** WHAT YOU ARE ASKED TO DO **
Of all the lines below, return only those starting with the line holding "inner_is (Japply par" and going on through the line holding "intros HK Hf.", exactly as written.

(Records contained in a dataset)
Lemma Rsum_Jreal_delta z p l : NoDup l -> incl (nbhd z) l ->
  Rsum l (fun x => Jreal (delta z) x * p x) = Jreal p z.
Proof.
  intros Hl Hi.
  assert (Hchildren : forall x, Rsum (ch x) (fun y => lam y * delta z y) =
    if excluded_middle_informative (x = par z) then lam z else 0).
  { intros x. destruct (excluded_middle_informative (x = par z)) as [->|E].
    - rewrite (Rsum_single _ z); [rewrite delta_same; ring|auto|apply Hch; auto|].
      intros y _ Hy; rewrite delta_other; auto; ring.
    - apply Rsum_eq0. intros y Hy. rewrite delta_other; [ring|].
      intros ->. apply E. symmetry; apply Hch; auto. }
  unfold Jreal at 1.
  rewrite (Rsum_ext_in l _ (fun x => lam x * delta z (par x) * p x + beta x * delta z x * p x
     + (if excluded_middle_informative (x = par z) then lam z else 0) * p x))
    by (intros x _; rewrite Hchildren; ring).
  rewrite !Rsum_add.
  rewrite (Rsum_NoDup_support l (ch z)); auto.
  2:{ intros x Hx. destruct (excluded_middle_informative (par x = z)) as [Hpx|Hpx];
        [|exfalso; apply Hx; rewrite delta_other; auto; ring].
      split; intros _; [apply Hch; auto|apply Hi, in_or_app; left; apply Hch; auto]. }
  rewrite (Rsum_single l z (fun x => beta x * delta z x * p x));
    [|auto|apply Hi, in_or_app; right; now left|intros x _ Hx; rewrite delta_other; auto; ring].
  rewrite (Rsum_single l (par z));
    [|auto|apply Hi, in_or_app; right; right; now left
     |intros x _ Hx; destruct (excluded_middle_informative (x = par z)); [contradiction|ring]].
  unfold Jreal. rewrite delta_same.
  destruct (excluded_middle_informative (par z = par z)) as [_|]; [|contradiction].
  rewrite (Rsum_ext_in (ch z) _ (fun y => lam y * p y)); [ring|].
  intros y Hy. rewrite (proj2 (Hch z y) Hy), delta_same. ring.
Qed.

Lemma Jreal_symmetric (K l : list V) (p q : V -> R) : NoDup K -> NoDup l ->
  (forall x, ~ In x K -> q x = 0) -> incl (flat_map nbhd K) l ->
  Rsum l (fun x => Jreal q x * p x) = Rsum K (fun z => q z * Jreal p z).
Proof.
  intros HK Hl Hq Hi.
  rewrite (Rsum_ext_in l _ (fun x => Rsum K (fun z => q z * (Jreal (delta z) x * p x)))).
  2:{ intros x _. rewrite (Jreal_ext _ _ x (fsupp_delta_expand K q HK Hq)), Jreal_lincomb.
      rewrite Rmult_comm, <- Rsum_scal. apply Rsum_ext_in. intros; ring. }
  rewrite Rsum_swap. apply Rsum_ext_in. intros z Hz.
  rewrite Rsum_scal, Rsum_Jreal_delta; auto.
  intros y Hy. apply Hi, in_flat_map. exists z; auto.
Qed.

Lemma Japply_green (a f : V -> Cx) (K : list V) : NoDup K ->
  (forall x, ~ In x K -> f x = C0) ->
  inner_is (Japply par ch lam beta a) f (Cdot K (Japply par ch lam beta a) f) /\
  inner_is a (Japply par ch lam beta f) (Cdot K (Japply par ch lam beta a) f).
Proof.
  intros HK Hf.
  assert (Hre : forall x, ~ In x K -> re (f x) = 0) by (intros x Hx; rewrite Hf; auto).
  assert (Him : forall x, ~ In x K -> im (f x) = 0) by (intros x Hx; rewrite Hf; auto).
  split; apply inner_is_stable.
  - exists K. intros l Hl Hi. rewrite !re_Cdot, !im_Cdot.
    split; apply Rsum_NoDup_support; auto; intros x Hx;
      (destruct (excluded_middle_informative (In x K)) as [Hk|Hk];
       [split; intros _; [exact Hk|apply Hi, Hk]
       |exfalso; apply Hx; rewrite Hre, Him by exact Hk; ring]).
  - exists (flat_map nbhd K). intros l Hl Hi. rewrite !re_Cdot, !im_Cdot. split.
    + rewrite (Rsum_ext_in l _ (fun x => Jreal (fun y => re (f y)) x * re (a x)
                                       + Jreal (fun y => im (f y)) x * im (a x)))
        by (intros; rewrite re_Japply, im_Japply; ring).
      rewrite Rsum_add, !(Jreal_symmetric K l), <- Rsum_add by auto.
      apply Rsum_ext_in. intros; rewrite re_Japply, im_Japply; ring.
    + rewrite (Rsum_ext_in l _ (fun x => Jreal (fun y => im (f y)) x * re (a x)
                                       - Jreal (fun y => re (f y)) x * im (a x)))
        by (intros; rewrite re_Japply, im_Japply; ring).
      rewrite Rsum_sub, !(Jreal_symmetric K l), <- Rsum_sub by auto.
      apply Rsum_ext_in. intros; rewrite re_Japply, im_Japply; ring.
Qed.

(* Pass to the limit in Green's formula along a sequence approximating a point of the
   closure. *)
Lemma adjoint_closure_Jmin (a : V -> Cx) :
  in_l2 a -> in_l2 (Japply par ch lam beta a) ->
  adjoint (closure (Jmin par ch lam beta)) a (Japply par ch lam beta a).
Proof.
  intros Ha HJa. split; [exact Ha|split; [exact HJa|]].
  intros f g [_ [_ [F [G [HFG [HF HG]]]]]].
  set (Ja := Japply par ch lam beta a).
  destruct (choice (fun n c => inner_is Ja (F n) c /\ inner_is a (G n) c)) as [c Hc].
  { intros n. destruct (HFG n) as [[K0 HK0] HGn].
    destruct (exists_NoDup_incl K0) as [K [HK HiK]].
    destruct (Japply_green a (F n) K HK) as [H1 H2].
    { intros x Hx. apply HK0. intros Hx0. apply Hx, HiK, Hx0. }
    exists (Cdot K Ja (F n)). split; [exact H1|].
    apply (inner_is_ext _ _ _ _ (fun x => eq_sym (HGn x))), H2. }
  destruct (inner_is_cauchy Ja F f c HJa (fun n => proj1 (Hc n)) HF) as [Cr Ci].
  destruct (R_complete _ Cr) as [cr Hcr]. destruct (R_complete _ Ci) as [ci Hci].
  exists (mkC cr ci). split.
  - apply (inner_is_limit Ja F f c); auto. intros n; apply Hc.
  - apply (inner_is_limit a G g c); auto. intros n; apply Hc.
Qed.

End JacobiSymmetry.

Lemma Rsum_le_geometric_blocks {V : Type} (B : nat -> list V) (h : V -> R) q :
  0 <= q < 1 -> (forall x, 0 <= h x) -> (forall n, Rsum (B n) h <= q ^ n) ->
  (forall x, h x <> 0 -> exists n, In x (B n)) ->
  forall l, NoDup l -> Rsum l h <= / (1 - q).
Proof.
  intros Hq Hh HB Hcover l Hl.
  assert (Htail : forall N k, Rsum (flat_map B (seq k N)) h <= q ^ k / (1 - q)).
  { induction N as [|N IH]; intros k; simpl.
    - unfold Rdiv. apply Rmult_le_pos; [apply pow_le; lra|apply Rlt_le, Rinv_0_lt_compat; lra].
    - rewrite Rsum_app. specialize (IH (S k)). specialize (HB k). simpl in IH.
      replace (q ^ k / (1 - q)) with (q ^ k + q * q ^ k / (1 - q)) by (field; lra). lra. }
  assert (HN : exists N, forall x, In x l -> h x <> 0 -> In x (flat_map B (seq 0 N))).
  { clear Hl. induction l as [|x l [N HN]].
    - exists 0%nat. intros x [].
    - destruct (Req_dec (h x) 0) as [E|E].
      + exists N. intros y [<-|Hy] Hy0; [contradiction|auto].
      + destruct (Hcover x E) as [n Hn]. exists (max N (S n)). intros y Hy Hy0.
        apply in_flat_map. destruct Hy as [<-|Hy].
        * exists n. split; [apply in_seq; lia|exact Hn].
        * destruct (proj1 (in_flat_map _ _ _) (HN y Hy Hy0)) as [k [Hk1 Hk2]].
          apply in_seq in Hk1. exists k. split; [apply in_seq; lia|exact Hk2]. }
  destruct HN as [N HN].
  eapply Rle_trans; [apply (Rsum_le_incl l (flat_map B (seq 0 N))); auto|].
  specialize (Htail N 0%nat). simpl in Htail. lra.
Qed.

Fixpoint Cpow (z : Cx) (n : nat) : Cx :=
  match n with O => mkC 1 0 | S n => Cmul z (Cpow z n) end.

Lemma Cnorm2_Cpow z n : Cnorm2 (Cpow z n) = Cnorm2 z ^ n.
Proof. induction n; simpl; [unfold Cnorm2; simpl; ring|]. rewrite Cnorm2_Cmul, IHn. ring. Qed.

Definition half_i : Cx := mkC 0 (/ 2).

Lemma Cpow_half_i_SS n : Cpow half_i (S (S n)) = Cscale (- / 4) (Cpow half_i n).
Proof. apply Cx_eq; simpl; field. Qed.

** EXERCISE OUTPUT **
  inner_is (Japply par ch lam beta a) f (Cdot K (Japply par ch lam beta a) f) /\
  inner_is a (Japply par ch lam beta f) (Cdot K (Japply par ch lam beta a) f).
Proof.
  intros HK Hf.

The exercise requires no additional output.